In the morning we will be joined by Franklin as we go for a walk though the Preserve. We should see serpentine soil, the Arastradero Lake, riparian areas, oak woodland and grasslands. We will see many native and non-native plants. 

We will stop an enjoy lunch where the Acorn and Meadowlark Trails meet.   It is a vista point that on clear days offers lovely views. 

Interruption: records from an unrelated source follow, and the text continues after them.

(* Let $n\ge1$ and $\mathbb{P}\in\mathcal{P}_n$. Let \[ \mathcal{T}=\big\{T\in\mathbb{R}_{++}^{2\times n}:\ \mathbf{P}_{\mathbf{z}\sim\mathbb{P}}[z_j=T_{1j}/T_{2j}]=0\ \text{for all } j\in[n]\big\}. \] Then $R_n(\mathbb{P})=\sup_{T\in\mathcal{T}}R_n(\mathbb{P},T)$.
   Context: Scheduling on two machines with $n$ tasks. A processing-time matrix is $T=(T_{ij})\in\mathbb{R}_{++}^{2\times n}$. An allocation is $X\in\{0,1\}^{2\times n}$ with $X_{1j}+X_{2j}=1$; makespan $M(X,T)=\max_{i\in\{1,2\}}\sum_j X_{ij}T_{ij}$; $M^*(T)=\min_X M(X,T)$. $\mathcal{P}_n$ is the set of Borel probability measures on $\mathbb{R}^n$ supported in $\mathbb{R}_{++}^n$. For $\mathbb{P}\in\mathcal{P}_n$, algorithm $\mathcal{A}^{\mathbb{P}}$ draws $\mathbf{z}\sim\mathbb{P}$ and sends task $j$ to machine 1 iff $T_{1j}/T_{2j}<z_j$ (else to machine 2). $M(\mathbb{P},T)$ is the expected makespan of this allocation, $R_n(\mathbb{P},T)=M(\mathbb{P},T)/M^*(T)$, and $R_n(\mathbb{P})=\sup_{T\in\mathbb{R}_{++}^{2\times n}}R_n(\mathbb{P},T)\in[1,\infty]$. *)

From HB Require Import structures.
From mathcomp Require Import all_boot all_order all_algebra.
From mathcomp Require Import all_classical all_reals all_analysis.
Set Implicit Arguments. Unset Strict Implicit. Unset Printing Implicit Defensive.
Import Order.TTheory GRing.Theory Num.Theory.
Local Open Scope classical_set_scope.
Local Open Scope ring_scope.

(* Machines are indexed by 'I_2 : machine 1 = ord0, machine 2 = (1 : 'I_2).
   An allocation X in {0,1}^{2 x n} with X_1j + X_2j = 1 is represented
   by the function sending each task j to the machine it is assigned to. *)
Definition allocation (n : nat) := {ffun 'I_n -> 'I_2}.

Definition pos_matrix (R : realType) (n : nat) (T : 'M[R]_(2, n)) : Prop :=
  forall i j, 0 < T i j.

Definition load (R : realType) (n : nat) (X : allocation n) (T : 'M[R]_(2, n))
  (i : 'I_2) : R := \sum_(j < n | X j == i) T i j.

Then we will join Paul and see some of the restoration projects in the field.  We will finish up the day with a hands-on project to help in the restoration of Arastradero Preserve.

Cost
$50 Regular
$45 Conexions Member - Become a Member

About the Instructor/Speaker: 

Paul Heiple is the Botanist for Arastradero Preserve which is under the stewardship of Acterra. He currently lives in Portola Valley where he is the Chair of the Conservation Committee that is working with the San Francisquito Watershed Council, on creek restoration and removal of non-native invasive plants within the creek. Paul’s love for nature includes: rock formation, flora, fauna and insects. Even though Paul is a Geologist by training he has been interested in plants for as long as he can remember. Paul is well known within the Mid–Peninsula environmental community and we are honored to have him as a guest tonight.

Franklin Olmstead, along with his wife Jean, has been an active member of the Friends of Foothills Park since the early 1990s.  He has a strong interest in native plants and a vast knowledge of the flora at Foothills Park, which is self-taught. Before his retirement, he worked as a geologist with the USGS for over 40 years in many parts of the US.  Franklin received his undergraduate degree from Pomona College, and after serving in WWII, completed his PhD in Geology at Bryn Mawr.